To repurpose Omar Khayyam, “The deal seeker, having scored the deal moves on to the next deal. (Likely) no amount of astonishing product or service will bring them back to pay the full price”.

If you want to add a new channel to minimize deadweight loss, by all means do it. But do the math behind it and not base it on hope

  • Do you  have a product with high contribution margin (price less marginal cost)?
  • Do you have excess capacity (with sunk costs and no other way to monetize it)?
  • Is there a segment of customers with low willingness to pay but reducing the price to include them will deliver less profit than your current profit (even though it is still profitable)?
  • Is there a segment of customers with low willingness to pay that you cannot reach through any other way?
  • Can you serve these low willingness to pay customers through these group buying site without the full price customers knowing about it (third degree price discrimination)?

If  the answer to any of these questions is NO, you have hard math ahead of you (Spreadsheet).

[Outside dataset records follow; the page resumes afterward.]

(* Call a butterfly partition of $n$ a partition of $n$ into distinct parts $p_1>p_2>\dots>p_k$ with $k\ge 3$, $p_1=p_2+1=p_3+2$ and $p_k\ge 2$. For $n\ge 6$ let $s_e(n)$ (resp. $s_o(n)$) be the number of butterfly partitions of $n$ whose second largest part $p_2$ is even (resp. odd). For an integer $t$ put $P_1(t)=\tfrac12(3t^2+t+4)$, $P_2(t)=\tfrac12(3(t+1)^2-t-1)$, $P_3(t)=\tfrac12(3(t+1)^2-t+3)$, $P_4(t)=\tfrac12(3(t+1)^2+t+1)$. Then for every integer $n\ge 6$: (a) $s_e(n)=s_o(n)$ if $n\notin\{P_1(t),P_2(t),P_3(t),P_4(t)\}$ for every integer $t\ge 2$; (b) $s_e(n)=s_o(n)-1$ if $n=P_1(t)$ or $n=P_4(t)$ for some integer $t\ge 2$; (c) $s_e(n)=s_o(n)+1$ if $n=P_2(t)$ or $n=P_3(t)$ for some integer $t\ge 2$. *)

From mathcomp Require Import all_boot.
Set Implicit Arguments. Unset Strict Implicit. Unset Printing Implicit Defensive.

(* A partition of n into distinct parts p_1 > p_2 > ... > p_k is represented
   by the strictly decreasing list [:: p_1; ...; p_k] of positive naturals
   summing to n. *)
Definition distinct_partition (n : nat) (s : seq nat) : bool :=
  sorted gtn s && all (fun p => 0 < p) s && (sumn s == n).

Definition butterfly (n : nat) (s : seq nat) : bool :=
  [&& distinct_partition n s, 3 <= size s,
      nth 0 s 0 == (nth 0 s 1).+1,
      nth 0 s 0 == (nth 0 s 2).+2
    & 2 <= last 0 s].

(* All partitions of n into distinct parts: every such partition has its parts
   in {1,...,n}, so it is the decreasing enumeration of a subset of 'I_n.+1.
   We list the decreasing enumerations of all subsets of 'I_n.+1 and keep the
   distinct partitions of n; this list has no duplicates. *)
Definition distinct_partitions (n : nat) : seq (seq nat) :=
  [seq s <- [seq sort geq [seq val i | i <- enum A] | A : {set 'I_n.+1}]
     | distinct_partition n s].

Definition butterflies (n : nat) : seq (seq nat) :=
  [seq s <- distinct_partitions n | butterfly n s].

Definition s_e (n : nat) : nat := count (fun s => ~~ odd (nth 0 s 1)) (butterflies n).
Definition s_o (n : nat) : nat := count (fun s => odd (nth 0 s 1)) (butterflies n).

(* The four quadratic polynomials (values are integers; divisions are exact). *)
Definition P1 (t : nat) : nat := (3 * t ^ 2 + t + 4) %/ 2.
Definition P2 (t : nat) : nat := (3 * (t + 1) ^ 2 - t - 1) %/ 2.
Definition P3 (t : nat) : nat := (3 * (t + 1) ^ 2 - t + 3) %/ 2.
Definition P4 (t : nat) : nat := (3 * (t + 1) ^ 2 + t + 1) %/ 2.

From mathcomp Require Import all_boot zify.
Set Implicit Arguments. Unset Strict Implicit. Unset Printing Implicit Defensive.

(* A butterfly partition is a strictly decreasing list of parts >= 3 whose
   first three parts are consecutive, followed by an optional part 2.  On the
   parts >= 3 we run Franklin's involution: if the smallest part s is at most
   the slope (the number of leading consecutive parts), remove it and add 1 to
   the s largest parts; otherwise subtract 1 from the slope-many largest parts
   and append the slope as a new part.  Both moves keep all parts >= 3 and the
   slope >= 3, preserve the sum, and shift the second largest part by one, so
   they pair butterflies with p_2 even and odd.  The pairing fails only on
   the pentagonal lists [2r+e-1; ...; r+e] with e = 0 or 1; a
   butterfly built on one of them has p_2 of parity e and size
   (3r^2 + (2e-1)r)/2 + 2f, where f records the part 2.  These sizes are
   pairwise distinct and are exactly the values P_i(t). *)

Lemma gtn_trans : transitive gtn.
Proof. exact: rev_trans ltn_trans. Qed.

Lemma pairwise_gtn_head l : pairwise gtn l -> all (fun x => x <= head 0 l) l.
Proof.
case: l => //= x l /andP[lt_x _]; rewrite leqnn; apply: sub_all lt_x => y /=; lia.
Qed.

Lemma pairwise_gtn_last l : pairwise gtn l -> all (fun x => last 0 l <= x) l.
Proof.
elim/last_ind: l => //= l x _; rewrite pairwise_rcons last_rcons all_rcons leqnn.
by case/andP=> gt_x _; apply: sub_all gt_x => y /=; lia.
Qed.

Lemma leq_sumn_mem (s : seq nat) x : x \in s -> x <= sumn s.
Proof. by elim: s => //= y s IH; rewrite in_cons => /orP[/eqP ->|/IH]; lia. Qed.

Lemma count_involution (T : eqType) (f : T -> T) (p : pred T) (s : seq T) :
  uniq s -> {in s, forall x, f x \in s} -> {in s, involutive f} ->
  {in s, forall x, p (f x) = ~~ p x} -> count p s = count (predC p) s.
Proof.
move=> s_uniq f_s f_inv f_p.
have s_perm : perm_eq s (map f s).
  apply: uniq_perm => //.
    by rewrite map_inj_in_uniq // => x y xs ys fxy; rewrite -(f_inv x xs) fxy f_inv.
  move=> x; apply/idP/mapP => [xs | [y ys ->]]; last exact: f_s.
  by exists (f x); [exact: f_s | rewrite f_inv].
by rewrite (permP s_perm) count_map; apply: eq_in_count => x /f_p.
Qed.

(** * Staircases and Franklin's slope *)

Fixpoint stair (a r : nat) : seq nat :=
  if r is r'.+1 then (a + r') :: stair a r' else [::].

Lemma size_stair a r : size (stair a r) = r.
Proof. by elim: r => //= r ->. Qed.

Lemma stairD a m k : stair a (m + k) = stair (a + k) m ++ stair a k.
Proof. by elim: m => //= m ->; rewrite addnAC addnA. Qed.

Lemma take_stair a r k : k <= r -> take k (stair a r) = stair (a + (r - k)) k.
Proof. by move=> /subnKC {1}<-; rewrite stairD take_size_cat ?size_stair. Qed.

Lemma last_stair x a r : last x (stair a r.+1) = a.
Proof. by elim: r x => [|r IH] x /=; [rewrite addn0 | apply: IH]. Qed.

Lemma mem_stair a r x : (x \in stair a r) = (a <= x < a + r).
Proof. by elim: r => [|r IH] /=; rewrite ?in_nil ?in_cons ?IH; lia. Qed.

Lemma map_succn_stair a r : map succn (stair a r) = stair a.+1 r.
Proof. by elim: r => //= r ->; rewrite addSn. Qed.

Lemma map_predn_stair a r : 0 < a -> map predn (stair a r) = stair a.-1 r.
Proof. by move=> a_gt0; elim: r => //= r ->; congr (_ :: _); lia. Qed.

Lemma sumn_stair a r : 2 * sumn (stair a r) + r = r * (2 * a + r).
Proof. by elim: r => //= r IH; nia. Qed.

Lemma pairwise_stair a r : pairwise gtn (stair a r).
Proof.
elim: r => //= r ->; rewrite andbT; apply/allP => x; rewrite mem_stair /=; lia.
Qed.

Lemma pairwise_stair_cat a r rest : 0 < r ->
  pairwise gtn (stair a r ++ rest) = pairwise gtn rest && all (fun y => y < a) rest.
Proof.
move=> r_gt0; rewrite pairwise_cat pairwise_stair andTb andbC; congr (_ && _).
apply/allrelP/allP => [gt_a y y_rest|lt_a x y].
  by apply: (gt_a a) => //; rewrite mem_stair; lia.
by rewrite mem_stair => /andP[ax _] /lt_a /=; lia.
Qed.

Fixpoint slope (l : seq nat) : nat :=
  if l is x :: l' then
    if l' is y :: _ then (if x == y.+1 then (slope l').+1 else 1) else 1
  else 0.

Lemma slope_cons2 x y l :
  slope [:: x, y & l] = if x == y.+1 then (slope (y :: l)).+1 else 1.
Proof. by []. Qed.

Lemma slope_gt0 x l : 0 < slope (x :: l).
Proof. by case: l => //= y l; case: ifP. Qed.

Lemma slope_le_size l : slope l <= size l.
Proof. by elim: l => // x [|y l] IH //=; case: eqP => // _; move: IH => /=; lia. Qed.

Lemma slope_stair_cat_ge a r rest : 0 < r -> r <= slope (stair a r ++ rest).
Proof.
elim: r => // -[|r] IH _; first exact: slope_gt0.
by rewrite /= addnS eqxx ltnS; apply: IH.
Qed.

Lemma slope_stair_cat a r rest : 0 < r -> (rest = [::] \/ (head 0 rest).+1 != a) ->
  slope (stair a r ++ rest) = r.
Proof.
move=> + brk; elim: r => // -[|r] IH _; last by move: IH; rewrite /= addnS eqxx => ->.
by move: brk {IH}; case: rest => [|y l] //= [] // /negbTE; rewrite addn0 eq_sym => ->.
Qed.

Lemma slope_stair a r : 0 < r -> slope (stair a r) = r.
Proof. by move=> r_gt0; rewrite -[stair a r]cats0 slope_stair_cat //; left. Qed.

Lemma slope_decomp l : l != [::] -> exists a rest,
  l = stair a (slope l) ++ rest /\ (rest = [::] \/ (head 0 rest).+1 != a).
Proof.
elim: l => // x [|y l] IH _; first by exists x, [::]; rewrite /= addn0; split; [|left].
rewrite slope_cons2; case: eqP => [xy|/eqP xy]; last first.
  by exists x, (y :: l); rewrite /= addn0; split; [|right; rewrite eq_sym].
have [a [rest [E brk]]] := IH isT; exists a, rest; split => //.
move: E xy; have := slope_gt0 y l; case: (slope (y :: l)) => // r _ E ->.
by rewrite E; case: E => -> _; rewrite /= addnS.
Qed.

(** * Franklin's involution *)

Definition core_shape (l : seq nat) : bool :=
  [&& pairwise gtn l, all (leq 3) l & 3 <= slope l].
(* Let $(D,\mathrm{left},\mathrm{right})$ be an interval domain, $x\in D$ and $p\in\max(D)$. If $x\ll p$ in $D$, then $\mathrm{left}(x)\ll p\ll\mathrm{right}(x)$ in the poset $(\max(D),\le)$.
   Context: For a poset $(P,\sqsubseteq)$: directed sets are nonempty sets in which any two elements have an upper bound in the set; $\bigsqcup S$ is the supremum; $x\ll y$ iff for every directed $S\subseteq P$ with a supremum, $y\sqsubseteq\bigsqcup S$ implies $x\sqsubseteq s$ for some $s\in S$; $\Uparrow x=\{a: x\ll a\}$, $\Downarrow x=\{a:a\ll x\}$. $P$ is continuous if there is $B\subseteq P$ such that for each $x$, $B\cap\Downarrow x$ contains a directed set with supremum $x$; a continuous dcpo is a continuous poset in which every directed set has a supremum. $\max(P)$ is the set of maximal elements, $x\sqcap y$ the infimum of $\{x,y\}$. The Scott topology consists of upper sets $U$ such that $\bigsqcup S\in U$ implies $S\cap U\ne\emptyset$ for directed $S$. An interval poset is a poset $D$ with functions $\mathrm{left},\mathrm{right}:D\to\max(D)$ such that (only named infima are assumed to exist): (i) $x=\mathrm{left}(x)\sqcap\mathrm{right}(x)$ for all $x$; (ii) if $\mathrm{right}(x)=\mathrm{left}(y)$ then $\mathrm{left}(x\sqcap y)=\mathrm{left}(x)$ and $\mathrm{right}(x\sqcap y)=\mathrm{right}(y)$; (iii) for $p\in\max(D)$ with $x\sqsubseteq p$: $\mathrm{left}(\mathrm{left}(x)\sqcap p)=\mathrm{left}(x)$, $\mathrm{right}(\mathrm{left}(x)\sqcap p)=p$, $\mathrm{left}(p\sqcap\mathrm{right}(x))=p$, $\mathrm{right}(p\sqcap\mathrm{right}(x))=\mathrm{right}(x)$. On $\max(D)$ define $a\le b$ iff $a=\mathrm{left}(z)$, $b=\mathrm{right}(z)$ for some $z\in D$; this is a partial order, and $\ll$, $\bigvee$, $\bigwedge$ in $(\max(D),\le)$ refer to this order. For $p,q\in\max(D)$ let $[p,\cdot]=\mathrm{left}^{-1}(p)$ and $[\cdot,q]=\mathrm{right}^{-1}(q)$, regarded as subposets of $D$. An interval domain is an interval poset $(D,\mathrm{left},\mathrm{right})$ such that $D$ is a continuous dcpo and: (i) if $p\in\Uparrow x\cap\max(D)$ then $\Uparrow(\mathrm{left}(x)\sqcap p)\ne\emptyset$ and $\Uparrow(p\sqcap\mathrm{right}(x))\ne\emptyset$; (ii) for all $x\in D$ the following are equivalent: (a) $\Uparrow x\ne\emptyset$; (b) for all $y\in[\mathrm{left}(x),\cdot]$ with $y\sqsubseteq x$, $y\ll\mathrm{right}(y)$ in the poset $[\cdot,\mathrm{right}(y)]$; (c) for all $y\in[\cdot,\mathrm{right}(x)]$ with $y\sqsubseteq x$, $y\ll\mathrm{left}(y)$ in the poset $[\mathrm{left}(y),\cdot]$; (iii)(a) for every directed $S\subseteq[p,\cdot]$, $\mathrm{left}(\bigsqcup S)=p$ and $\mathrm{right}(\bigsqcup S)=\mathrm{right}(\bigsqcup T)$ for every directed $T\subseteq[q,\cdot]$ with $\mathrm{right}(T)=\mathrm{right}(S)$ (images); (iii)(b) for every directed $S\subseteq[\cdot,q]$, $\mathrm{right}(\bigsqcup S)=q$ and $\mathrm{left}(\bigsqcup S)=\mathrm{left}(\bigsqcup T)$ for every directed $T\subseteq[\cdot,p]$ with $\mathrm{left}(T)=\mathrm{left}(S)$; (iv) for all $x\in D$, $\{y\in\max(D): x\sqsubseteq y\}$ is compact in the relative Scott topology. *)

From Stdlib Require Import List.

Section Defs.
Variable D : Type.

Definition is_poset (le : D -> D -> Prop) : Prop :=
  (forall x, le x x) /\
  (forall x y, le x y -> le y x -> x = y) /\
  (forall x y z, le x y -> le y z -> le x z).

Definition allD : D -> Prop := fun _ => True.

Definition directed (R : D -> D -> Prop) (S A : D -> Prop) : Prop :=
  (forall a, A a -> S a) /\ (exists a, A a) /\
  (forall a b, A a -> A b -> exists c, A c /\ R a c /\ R b c).

Definition is_sup (R : D -> D -> Prop) (S A : D -> Prop) (s : D) : Prop :=
  S s /\ (forall a, A a -> R a s) /\
  (forall u, S u -> (forall a, A a -> R a u) -> R s u).

Definition waybelow (R : D -> D -> Prop) (S : D -> Prop) (x y : D) : Prop :=
  forall (A : D -> Prop) (s : D), directed R S A -> is_sup R S A s -> R y s ->
    exists a, A a /\ R x a.

Definition is_inf (le : D -> D -> Prop) (a b z : D) : Prop :=
  le z a /\ le z b /\ (forall w, le w a -> le w b -> le w z).

Definition is_max (le : D -> D -> Prop) (x : D) : Prop :=
  forall y, le x y -> y = x.

(* the order on max(D): a <= b iff a = left z, b = right z for some z *)
Definition maxle (left right : D -> D) (a b : D) : Prop :=
  exists z, left z = a /\ right z = b.

Definition interval_poset (le : D -> D -> Prop) (left right : D -> D) : Prop :=
  is_poset le /\
  (forall x, is_max le (left x) /\ is_max le (right x)) /\
  (forall x, is_inf le (left x) (right x) x) /\
  (forall x y, right x = left y ->
     exists z, is_inf le x y z /\ left z = left x /\ right z = right y) /\
  (forall x p, is_max le p -> le x p ->
     (exists z, is_inf le (left x) p z /\ left z = left x /\ right z = p) /\
     (exists z, is_inf le p (right x) z /\ left z = p /\ right z = right x)).

Definition dcpo (le : D -> D -> Prop) : Prop :=
  forall A, directed le allD A -> exists s, is_sup le allD A s.

Definition continuous_poset (le : D -> D -> Prop) : Prop :=
  exists B : D -> Prop, forall x, exists A : D -> Prop,
    (forall a, A a -> B a /\ waybelow le allD a x) /\
    directed le allD A /\ is_sup le allD A x.

Definition scott_open (le : D -> D -> Prop) (U : D -> Prop) : Prop :=
  (forall a b, U a -> le a b -> U b) /\
  (forall A s, directed le allD A -> is_sup le allD A s -> U s ->
     exists a, A a /\ U a).

Definition scott_compact (le : D -> D -> Prop) (K : D -> Prop) : Prop :=
  forall (I : Type) (U : I -> D -> Prop),
    (forall i, scott_open le (U i)) ->
    (forall k, K k -> exists i, U i k) ->
    exists l : list I, forall k, K k -> exists i, In i l /\ U i k.

Definition interval_domain (le : D -> D -> Prop) (left right : D -> D) : Prop :=
  interval_poset le left right /\
  dcpo le /\ continuous_poset le /\
  (forall x p, is_max le p -> waybelow le allD x p ->
     (forall z, is_inf le (left x) p z -> exists a, waybelow le allD z a) /\
     (forall z, is_inf le p (right x) z -> exists a, waybelow le allD z a)) /\
  (forall x,
     ((exists a, waybelow le allD x a) <->
      (forall y, left y = left x -> le y x ->
         waybelow le (fun z => right z = right y) y (right y))) /\
     ((exists a, waybelow le allD x a) <->
      (forall y, right y = right x -> le y x ->
         waybelow le (fun z => left z = left y) y (left y)))) /\
  (forall p S s, directed le (fun z => left z = p) S -> is_sup le allD S s ->
     left s = p /\
     (forall q T t, directed le (fun z => left z = q) T -> is_sup le allD T t ->
        (forall r, (exists a, S a /\ right a = r) <-> (exists a, T a /\ right a = r)) ->
        right s = right t)) /\
  (forall q S s, directed le (fun z => right z = q) S -> is_sup le allD S s ->
     right s = q /\
     (forall p T t, directed le (fun z => right z = p) T -> is_sup le allD T t ->
        (forall r, (exists a, S a /\ left a = r) <-> (exists a, T a /\ left a = r)) ->
        left s = left t)) /\
  (forall x, scott_compact le (fun y => is_max le y /\ le x y)).

End Defs.
Arguments allD {D}.

(* Pushing [x << p] to the endpoints: [left x ⊓ p] and [p ⊓ right x] are
   intervals with something way above them, so it suffices that
   [left z << right z] in [max(D)] whenever [z] has something way above it.
   For that, a directed family [A] of maximal elements with supremum
   [s >= right z] is lifted to the directed family of intervals [[a, s]],
   [a] in [A], whose supremum [t] in [D] has [left t = right t = s].  Shrinking
   [z] to the interval [[left z, s]] below it, axiom (ii) of interval domains
   makes it way below [s] in [[., s]], hence below some [[a, s]], and taking
   left endpoints gives [left z <= a]. *)

Section WayBelow.
Variables (D : Type) (R : D -> D -> Prop) (S : D -> Prop).

Lemma directed_allD (A : D -> Prop) : directed D R S A -> directed D R allD A.
Proof. intros [_ HA]. split; [intros; exact I | exact HA]. Qed.

Lemma is_sup_allD_in (A : D -> Prop) (t : D) :
  is_sup D R allD A t -> S t -> is_sup D R S A t.
Proof.
  intros [_ [Hub Hleast]] Ht. split; [exact Ht|]. split; [exact Hub|].
  intros u _ Hu. exact (Hleast u I Hu).
Qed.

Lemma waybelow_le (x y : D) :
  (forall a, R a a) -> S y -> waybelow D R S x y -> R x y.
Proof.
  intros Hrefl Hy Hxy.
  destruct (Hxy (fun a => a = y) y) as [a [-> Hxa]]; [| | apply Hrefl | exact Hxa].
  - split; [intros a -> ; exact Hy|]. split; [exists y; reflexivity|].
    intros a b -> ->. exists y. auto.
  - split; [exact Hy|]. split; [intros a -> ; apply Hrefl|]. intros u _ Hu. now apply Hu.
Qed.

End WayBelow.

Section IntervalPoset.
Variables (D : Type) (le : D -> D -> Prop) (left right : D -> D).

Local Notation mle := (maxle D left right).
Local Notation Max := (is_max D le).

Hypothesis le_refl : forall x, le x x.
Hypothesis le_antisym : forall x y, le x y -> le y x -> x = y.
Hypothesis le_trans : forall x y z, le x y -> le y z -> le x z.
Hypothesis left_max : forall x, Max (left x).
Hypothesis inf_left_right : forall x, is_inf D le (left x) (right x) x.
Hypothesis inf_glue : forall x y, right x = left y ->
  exists z, is_inf D le x y z /\ left z = left x /\ right z = right y.
Hypothesis inf_restrict : forall x p, Max p -> le x p ->
  (exists z, is_inf D le (left x) p z /\ left z = left x /\ right z = p) /\
  (exists z, is_inf D le p (right x) z /\ left z = p /\ right z = right x).

Lemma interval_ext a b : left a = left b -> right a = right b -> a = b.
Proof.
  intros El Er. destruct (inf_left_right a) as [a1 [a2 a3]].
  destruct (inf_left_right b) as [b1 [b2 b3]].
  apply le_antisym.
  - apply b3; [rewrite <- El | rewrite <- Er]; assumption.
  - apply a3; [rewrite El | rewrite Er]; assumption.
Qed.

Lemma le_endpoints s t : left t = s -> right t = s -> le s t.
Proof.
  intros El Er. destruct (inf_left_right t) as [_ [_ Hglb]].
  apply Hglb; rewrite ?El, ?Er; apply le_refl.
Qed.

Lemma le_of_mle_left q1 q2 :
  mle (left q1) (left q2) -> right q1 = right q2 -> le q1 q2.
Proof.
  intros [w [Ew1 Ew2]] Er.
  destruct (inf_glue w q2 Ew2) as [r [[_ [Hrq2 _]] [Er1 Er2]]].
  replace q1 with r; [exact Hrq2|].
  apply interval_ext; congruence.
Qed.

Lemma mle_left_of_le z t : le z t -> mle (left z) (left t).
Proof.
  intros Hzt. destruct (inf_left_right t) as [Ht _].
  destruct (inf_restrict z (left t) (left_max t) (le_trans _ _ _ Hzt Ht))
    as [[r [_ [Er1 Er2]]] _].
  exists r. auto.
Qed.

Lemma mle_antisym a b : Max a -> mle a b -> mle b a -> a = b.
Proof.
  intros Ha [z1 [E11 E12]] [z2 [E21 E22]].
  destruct (inf_glue z1 z2 (eq_trans E12 (eq_sym E21))) as [r [[Hrz1 _] [Er1 Er2]]].
  assert (Har : le a r) by (apply le_endpoints; congruence).
  destruct (inf_left_right z1) as [_ [Hz1 _]].
  symmetry. apply Ha. rewrite <- E12. eauto.
Qed.

Hypothesis dcpo_le : dcpo D le.
Hypothesis right_sup : forall q A t,
  directed D le (fun z => right z = q) A -> is_sup D le allD A t -> right t = q.
Hypothesis waybelow_right_of_waybelow : forall x,
  (exists a, waybelow D le allD x a) ->
  forall y, left y = left x -> le y x ->
    waybelow D le (fun z => right z = right y) y (right y).

Definition intervals_ending_at (A : D -> Prop) (s : D) : D -> Prop :=
  fun q => right q = s /\ A (left q).

Lemma intervals_ending_at_directed A s :
  directed D mle Max A -> (forall a, A a -> mle a s) ->
  directed D le (fun q => right q = s) (intervals_ending_at A s).
Proof.
  intros [_ [[a0 Ha0] HAdir]] Hs.
  assert (Hlift : forall a, A a -> exists q, intervals_ending_at A s q /\ left q = a).
  { intros a Ha. destruct (Hs a Ha) as [q [Eq1 Eq2]].
    exists q. unfold intervals_ending_at. rewrite Eq1. auto. }
  split; [intros q [Hq _]; exact Hq|]. split.
  - destruct (Hlift a0 Ha0) as [q [Hq _]]. eauto.
  - intros q1 q2 [Hq1 A1] [Hq2 A2].
    destruct (HAdir _ _ A1 A2) as [a3 [A3 [M1 M2]]].
    destruct (Hlift a3 A3) as [q3 [[Hq3 Aq3] Eq3]].
    exists q3. repeat split; try assumption;
      apply le_of_mle_left; congruence.
Qed.

Lemma left_sup_intervals_ending_at A s t :
  directed D mle Max A -> is_sup D mle Max A s ->
  is_sup D le allD (intervals_ending_at A s) t -> left t = s.
Proof.
  intros HA [Hs [Hub Hleast]] Ht.
  assert (Hrt : right t = s)
    by exact (right_sup s _ t (intervals_ending_at_directed A s HA Hub) Ht).
  symmetry. apply mle_antisym; [exact Hs | | exists t; auto].
  apply Hleast; [apply left_max|]. intros a Ha.
  destruct (Hub a Ha) as [q [Eq1 Eq2]].
  rewrite <- Eq1. apply mle_left_of_le, (proj1 (proj2 Ht)).
  split; [exact Eq2 | rewrite Eq1; exact Ha].
Qed.

Lemma left_waybelow_right z :
  (exists c, waybelow D le allD z c) -> waybelow D mle Max (left z) (right z).
Proof.
  intros Hz A s HA HAs [w [Ew1 Ew2]].
  destruct (inf_glue z w (eq_sym Ew1)) as [y [[Hyz _] [Ey1 Ey2]]].
  assert (Hys := waybelow_right_of_waybelow z Hz y Ey1 Hyz).
  rewrite Ey2, Ew2 in Hys.
  assert (HT := intervals_ending_at_directed A s HA (proj1 (proj2 HAs))).
  destruct (dcpo_le _ (directed_allD _ _ _ _ HT)) as [t Ht].
  assert (Hlt := left_sup_intervals_ending_at A s t HA HAs Ht).
  assert (Hrt := right_sup s _ t HT Ht).
  destruct (Hys _ t HT (is_sup_allD_in _ _ _ _ _ Ht Hrt) (le_endpoints s t Hlt Hrt))
    as [q [[_ Aq] Hyq]].
  exists (left q). split; [exact Aq|].
  rewrite <- Ey1. exact (mle_left_of_le y q Hyq).
Qed.

Hypothesis restrict_waybelow : forall x p, Max p -> waybelow D le allD x p ->
  (forall z, is_inf D le (left x) p z -> exists a, waybelow D le allD z a) /\
  (forall z, is_inf D le p (right x) z -> exists a, waybelow D le allD z a).

Lemma waybelow_max_endpoints x p :
  Max p -> waybelow D le allD x p ->
  waybelow D mle Max (left x) p /\ waybelow D mle Max p (right x).
Proof.
  intros Hp Hxp.
  assert (Hxle : le x p) by exact (waybelow_le D le allD x p le_refl I Hxp).
  destruct (inf_restrict x p Hp Hxle) as [[z0 [Iz0 [El0 Er0]]] [z1 [Iz1 [El1 Er1]]]].
  destruct (restrict_waybelow x p Hp Hxp) as [Hz0 Hz1].
  split.
  - rewrite <- El0, <- Er0. exact (left_waybelow_right z0 (Hz0 z0 Iz0)).
  - rewrite <- El1, <- Er1. exact (left_waybelow_right z1 (Hz1 z1 Iz1)).
Qed.

End IntervalPoset.

Theorem mainTheorem9 (D : Type) (le : D -> D -> Prop) (left right : D -> D)
  (HD : interval_domain D le left right) (x p : D) (Hp : is_max D le p)
  (Hxp : waybelow D le allD x p) :
  waybelow D (maxle D left right) (is_max D le) (left x) p /\
  waybelow D (maxle D left right) (is_max D le) p (right x).
Proof.
  destruct HD as [[[Hrefl [Hanti Htrans]] [Hmax [Hinf [Hglue Hrestr]]]]
                  [Hdcpo [_ [Hi [Hii [_ [Hiiib _]]]]]]].
  apply (waybelow_max_endpoints D le left right Hrefl Hanti Htrans
           (fun y => proj1 (Hmax y)) Hinf Hglue Hrestr Hdcpo
           (fun q A t HA Ht => proj1 (Hiiib q A t HA Ht))
           (fun y => proj1 (proj1 (Hii y))) Hi); assumption.
Qed.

There is Marketing Research and then there are the rest

Why bother with marketing research at all?

If you have already decided on the path to take, product to develop, its pricing and  its routes to market –  save your time and money and go right ahead, there is nothing marketing research can do for you.  Of course you might believe that you already know the right answers and marketing research will help add analytics backing to your case. If you are not looking to do anything different based the data you find, there is no incremental value from marketing research to you.

Why can’t I do it myself ?

Yes you can. You are very good at what you are doing and you took the right step of seeking information for your decision. But you are the decision maker, you are too close to the problem. Your biases will most likely push you to seek data that attests your notion rather than seek the right information let alone seek data that contradicts your notion.

I plan to talk to customers and validate my hypotheses, isn’t that enough?

What are your hypotheses? How many customers? How did you choose them? What do you plan to ask them?  If you are simply verifying whether there exists few customers who are vaguely interested in a product that you have then yes, that is enough. The information you get from a few customers you talk to cannot validate any hypotheses about product features, pricing or segmentation. The output from “getting out of the building” and talking to prospects/customers is not data but informed hypotheses about their preferences, characteristics, buying processes, and segmentation that need to be validated across the wider market.

Isn’t it sending out surveys research?

No it is not. While a survey is an essential component of marketing research, sending out a canned survey or the one you designed yourself is not. First, there is the key step of doing qualitative research – customer interviews, focus groups, following the customer (ethnographic studies) and yes “getting out of the building” – that helps you find the language of your customers, the extremes of their preferences,  and hypotheses about them. Then comes survey or surveys custom designed to seek specific and relevant information  using rigorous data collection and analyses processes to validate these hypotheses. Remember, marketing research starts with talking to your target market and not with a canned survey.

Why would I spend money on hiring a professional do it?

Yes, there is cost to acquiring the information the right way, but what is the value of information to your venture?